В этом смысле решение опубликовать картину Непринцева в двух женских журналах крайне необычно: в изображенной сцене, где присутствуют только мужчины, нет совершенно ничего (на первый взгляд), что имело бы отношение к женскому опыту войны. Кроме того, в указанных изданиях картина Непринцева получила новое название: в «Работнице» — «Василий Тёркин», а в «Советской женщине» — «На привале». То есть и в том, и в другом случае явное упоминание о бое было устранено [78]. Это могло свидетельствовать об определенном дискомфорте, связанном с намеками, которые присутствовали в исходном названии картины, но тот факт, что ее содержание и тональность были сочтены подходящими для исключительно женской аудитории, лишь подчеркивает, насколько безобидным был советский солдат у Непринцева.

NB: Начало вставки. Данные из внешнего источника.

(* Let $\hat{\mathcal{C}}$, $\tilde{\mathcal{C}}$ and $\mathcal{F}$ be reference frames in $\mathbb{R}^3$, and let $K$ and $C$ be an intrinsic matrix and a corner matrix, with associated unit vectors $a_0,a_1,a_2,a_3\in\mathbb{R}^3$ (defined in the context). Assume ${}^{\mathcal{F}}R_{\hat{\mathcal{C}}}=I$ and ${}^{\hat{\mathcal{C}}}R_{\tilde{\mathcal{C}}}=I$, i.e. all three frames have the same orientation. If $$\big({}^{\mathcal{F}}t_{\tilde{\mathcal{C}}}\big)^T a_i\ \ge\ 0\qquad\text{for all } i\in\{0,1,2,3\},$$ then $\mathcal{V}_{\tilde{\mathcal{C}}}(K,C)\subseteq \mathcal{V}_{\mathcal{F}}(K,C)$.
   Context: A reference frame $\mathcal{G}$ is an origin in $\mathbb{R}^3$ together with an orthonormal basis. For frames $\mathcal{F},\mathcal{G}$, ${}^{\mathcal{F}}R_{\mathcal{G}}$ denotes the rotation matrix whose columns are the basis vectors of $\mathcal{G}$ expressed in $\mathcal{F}$, and ${}^{\mathcal{F}}t_{\mathcal{G}}$ denotes the vector from the origin of $\mathcal{F}$ to the origin of $\mathcal{G}$, expressed in $\mathcal{F}$-coordinates. For a point $y$, ${}^{\mathcal{F}}y$ denotes its coordinates in frame $\mathcal{F}$. Camera model: $K\in\mathbb{R}^{3\times3}$ is an invertible upper triangular intrinsic matrix; a corner matrix is $C=[c_0\ c_1\ c_2\ c_3]\in\mathbb{R}^{2\times 4}$ of four image points. Define $d_i=K^{-1}[c_i^T\ 1]^T$, $l_i=\operatorname{sign}(d_{i,z})\,d_i/\|d_i\|_2$, and $a_i=-\frac{l_i\times l_{(i+1)\bmod 4}}{\|l_i\times l_{(i+1)\bmod 4}\|_2}$ for $i=0,1,2,3$. The field of view of a camera at frame $\mathcal{G}$ with parameters $(K,C)$ is $\mathcal{V}_{\mathcal{G}}(K,C)=\{y\in\mathbb{R}^3: ({}^{\mathcal{G}}y)^T a_i\ge 0\ \forall i\in\{0,1,2,3\}\}$. *)

(* Points of R^3 are column vectors 'cV[R]_3 in a fixed
   ambient (world) coordinate system. *)
From mathcomp Require Import all_boot all_order all_algebra.
Set Implicit Arguments. Unset Strict Implicit. Unset Printing Implicit Defensive.
Import Order.TTheory GRing.Theory Num.Theory.
Local Open Scope ring_scope.

Section Defs.
Variable R : rcfType.

(* A reference frame: an origin and a basis, the basis vectors being the
   columns of [fbasis] (in world coordinates). *)
Record frame := Frame { forigin : 'cV[R]_3 ; fbasis : 'M[R]_3 }.

Definition is_frame (G : frame) : Prop := (fbasis G)^T *m fbasis G = 1%:M.

(* ^F R_G : columns = basis vectors of G expressed in F *)
Definition rel_rot (F G : frame) : 'M[R]_3 := (fbasis F)^T *m fbasis G.
(* ^F t_G : vector from origin of F to origin of G, in F-coordinates *)
Definition rel_trans (F G : frame) : 'cV[R]_3 :=
  (fbasis F)^T *m (forigin G - forigin F).
Definition coords (G : frame) (y : 'cV[R]_3) : 'cV[R]_3 :=
  (fbasis G)^T *m (y - forigin G).

Definition vx (v : 'cV[R]_3) := v ord0 ord0.
Definition vy (v : 'cV[R]_3) := v (inord 1) ord0.
Definition vz (v : 'cV[R]_3) := v (inord 2) ord0.

Definition dot (u v : 'cV[R]_3) : R := \sum_(i < 3) u i ord0 * v i ord0.
Definition vnorm (v : 'cV[R]_3) : R := Num.sqrt (dot v v).
Definition cross (u v : 'cV[R]_3) : 'cV[R]_3 :=
  \col_(i < 3)
    (if i == 0 :> nat then vy u * vz v - vz u * vy v
     else if i == 1 :> nat then vz u * vx v - vx u * vz v
     else vx u * vy v - vy u * vx v).

Definition upper_triangular (K : 'M[R]_3) : Prop :=
  forall i j : 'I_3, (j < i)%N -> K i j = 0.

Definition dvec (K : 'M[R]_3) (C : 'M[R]_(2, 4)) (i : 'I_4) : 'cV[R]_3 :=
  invmx K *m \col_(j < 3)
    (if j == 0 :> nat then C ord0 i
     else if j == 1 :> nat then C (inord 1) i else 1).
Definition lvec K C i : 'cV[R]_3 :=
  (Num.sg (vz (dvec K C i)) / vnorm (dvec K C i)) *: dvec K C i.
Definition avec K C i : 'cV[R]_3 :=
  let w := cross (lvec K C i) (lvec K C (ordS i)) in
  (- (vnorm w)^-1) *: w.

(* field of view V_G(K,C), as a predicate on points (world coordinates) *)
Definition in_fov (G : frame) K C (y : 'cV[R]_3) : Prop :=
  forall i : 'I_4, 0 <= dot (coords G y) (avec K C i).

End Defs.

From mathcomp Require Import all_boot all_order all_algebra.
Import Order.TTheory GRing.Theory Num.Theory.
Local Open Scope ring_scope.

(* When two frames have the same orientation, coordinates in them differ only
   by the translation between their origins: ^F y = ^C~ y + ^F t_C~.  Each
   field-of-view constraint is linear in the coordinates, so it holds at ^F y
   as the sum of two nonnegative terms.  Nothing about the a_i is used. *)

Lemma dotDl (R : rcfType) (u v w : 'cV[R]_3) :
  dot (u + v) w = dot u w + dot v w.
Proof. by rewrite /dot -big_split; apply: eq_bigr => i _; rewrite mxE mulrDl. Qed.

Lemma trmx_mul1_uniq (R : comUnitRingType) n (A B : 'M[R]_n) :
  A^T *m A = 1%:M -> A^T *m B = 1%:M -> B = A.
Proof.
move=> AtA AtB; have AAt : A *m A^T = 1%:M by apply: mulmx1C.
by rewrite -[B]mul1mx -AAt -mulmxA AtB mulmx1.
Qed.

Lemma rel_rot1_basis {R : rcfType} {F G : frame R} :
  is_frame F -> rel_rot F G = 1%:M -> fbasis G = fbasis F.
Proof. exact: trmx_mul1_uniq. Qed.

Lemma coords_same_basis {R : rcfType} {F G : frame R} (y : 'cV[R]_3) :
  fbasis G = fbasis F -> coords F y = coords G y + rel_trans F G.
Proof. by move=> GF; rewrite /coords /rel_trans GF -mulmxDr addrA subrK. Qed.

Theorem lemma1 (R : rcfType) (Chat Ctil F : frame R) (K : 'M[R]_3)
  (C : 'M[R]_(2, 4)) :
  is_frame Chat -> is_frame Ctil -> is_frame F ->
  upper_triangular K -> K \in unitmx ->
  rel_rot F Chat = 1%:M -> rel_rot Chat Ctil = 1%:M ->
  (forall i : 'I_4, 0 <= dot (rel_trans F Ctil) (avec K C i)) ->
  forall y : 'cV[R]_3, in_fov Ctil K C y -> in_fov F K C y.
Proof.
move=> frame_Chat _ frame_F _ _ rot_F_Chat rot_Chat_Ctil t_ge0 y fov_y i.
have basis_Ctil : fbasis Ctil = fbasis F.
  rewrite (rel_rot1_basis frame_Chat rot_Chat_Ctil).
  exact: rel_rot1_basis frame_F rot_F_Chat.
by rewrite (coords_same_basis y basis_Ctil) dotDl addr_ge0 ?fov_y ?t_ge0.
Qed.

Еще одна, появившаяся чуть позже картина, в которой можно обнаружить много общего с изображением военного товарищества у Непринцева — «Утро танкистов» (1952–1954) Бориса Федорова. На этом полотне группа молодых солдат выполняет утренние процедуры у проруби — здесь представлено то же самое сентиментальное видение мужских взаимоотношений. Один из танкистов окатывает ледяной водой своего приятеля с оголенным торсом, а его товарищи тем временем наблюдают за этим, одеваясь, чистя зубы или наслаждаясь первой утренней сигаретой. Как и в «Отдыхе после боя», военная гомосоциальность на картине Федорова была показана совершенно эгалитарной, гуманной и неагрессивной, причем — в соответствии с этосом социалистического реализма — полностью лишенной всяческой сексуальности. В ней отсутствовали сомнительные вопросы эротизированного созерцания мужчинами друг друга или потенциально опасной однополой дружбы — напротив, эти мужские отношения строились как простые и шаловливо закадычные, причем они лишены какого-либо физического напряжения, несмотря на присутствие мужчин различной степени наготы. Особенно интересной в контексте репрезентации фигуры военного после окончания войны эту картину делает акцент на личной гигиене — умывании, чистке зубов и надевании чистой рубашки. Эта деталь подчеркивает то обстоятельство, что изображенные на картине люди сохранили связи с цивилизованным, «нормальным» обществом, несмотря на фронтовые условия. Как отмечал один из критиков того времени, когда картина была представлена на первой Летней выставке ленинградских художников в 1954 году, в этой сцене «сплетенного тесными узами товарищества» присутствовало притягивающее зрителя «ощущение силы и здоровья» [79].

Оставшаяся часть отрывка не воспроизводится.